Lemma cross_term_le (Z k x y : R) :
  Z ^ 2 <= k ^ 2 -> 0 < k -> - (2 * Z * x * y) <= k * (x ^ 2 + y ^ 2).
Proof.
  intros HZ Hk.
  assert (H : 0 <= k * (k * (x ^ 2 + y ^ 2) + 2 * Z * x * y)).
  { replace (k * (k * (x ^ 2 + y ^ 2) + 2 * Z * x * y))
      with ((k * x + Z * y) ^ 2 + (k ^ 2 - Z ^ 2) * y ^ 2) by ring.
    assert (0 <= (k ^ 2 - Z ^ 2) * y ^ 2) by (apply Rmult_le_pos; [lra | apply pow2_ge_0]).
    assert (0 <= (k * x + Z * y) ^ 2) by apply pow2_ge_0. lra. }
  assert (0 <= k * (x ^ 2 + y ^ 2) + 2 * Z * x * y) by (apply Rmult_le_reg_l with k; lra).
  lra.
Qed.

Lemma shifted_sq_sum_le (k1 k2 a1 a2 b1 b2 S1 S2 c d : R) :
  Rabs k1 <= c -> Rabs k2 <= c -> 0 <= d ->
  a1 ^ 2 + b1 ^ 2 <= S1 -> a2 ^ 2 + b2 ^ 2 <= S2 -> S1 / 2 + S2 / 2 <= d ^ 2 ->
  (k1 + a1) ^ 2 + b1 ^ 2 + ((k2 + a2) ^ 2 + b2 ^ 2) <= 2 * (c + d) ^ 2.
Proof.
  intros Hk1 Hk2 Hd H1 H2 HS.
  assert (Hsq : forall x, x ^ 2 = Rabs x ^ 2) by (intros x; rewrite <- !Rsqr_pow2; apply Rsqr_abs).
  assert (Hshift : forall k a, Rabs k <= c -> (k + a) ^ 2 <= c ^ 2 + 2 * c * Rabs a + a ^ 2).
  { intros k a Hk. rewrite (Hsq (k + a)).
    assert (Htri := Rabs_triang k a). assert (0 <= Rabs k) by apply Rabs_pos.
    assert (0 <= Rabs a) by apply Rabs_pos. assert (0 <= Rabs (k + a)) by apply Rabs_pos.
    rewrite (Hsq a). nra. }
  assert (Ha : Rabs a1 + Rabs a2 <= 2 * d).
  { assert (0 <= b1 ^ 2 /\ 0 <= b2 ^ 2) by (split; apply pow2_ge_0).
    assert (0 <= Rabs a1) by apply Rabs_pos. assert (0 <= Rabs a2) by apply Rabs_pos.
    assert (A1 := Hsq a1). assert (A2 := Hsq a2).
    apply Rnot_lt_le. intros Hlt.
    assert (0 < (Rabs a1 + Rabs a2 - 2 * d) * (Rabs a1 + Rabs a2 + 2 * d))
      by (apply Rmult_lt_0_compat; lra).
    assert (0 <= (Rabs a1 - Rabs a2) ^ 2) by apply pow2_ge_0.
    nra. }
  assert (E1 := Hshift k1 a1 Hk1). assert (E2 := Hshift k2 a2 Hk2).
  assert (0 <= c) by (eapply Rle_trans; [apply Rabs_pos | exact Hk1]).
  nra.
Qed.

—————

**Description of the task:**
Answer with an exact copy of the lines from the one containing "(Hsq (k + a))." through the end of the entries above, leaving out everything before.

**Solution:**
  { intros k a Hk. rewrite (Hsq (k + a)).
    assert (Htri := Rabs_triang k a). assert (0 <= Rabs k) by apply Rabs_pos.
    assert (0 <= Rabs a) by apply Rabs_pos. assert (0 <= Rabs (k + a)) by apply Rabs_pos.
    rewrite (Hsq a). nra. }
  assert (Ha : Rabs a1 + Rabs a2 <= 2 * d).
  { assert (0 <= b1 ^ 2 /\ 0 <= b2 ^ 2) by (split; apply pow2_ge_0).
    assert (0 <= Rabs a1) by apply Rabs_pos. assert (0 <= Rabs a2) by apply Rabs_pos.
    assert (A1 := Hsq a1). assert (A2 := Hsq a2).
    apply Rnot_lt_le. intros Hlt.
    assert (0 < (Rabs a1 + Rabs a2 - 2 * d) * (Rabs a1 + Rabs a2 + 2 * d))
      by (apply Rmult_lt_0_compat; lra).
    assert (0 <= (Rabs a1 - Rabs a2) ^ 2) by apply pow2_ge_0.
    nra. }
  assert (E1 := Hshift k1 a1 Hk1). assert (E2 := Hshift k2 a2 Hk2).
  assert (0 <= c) by (eapply Rle_trans; [apply Rabs_pos | exact Hk1]).
  nra.
Qed.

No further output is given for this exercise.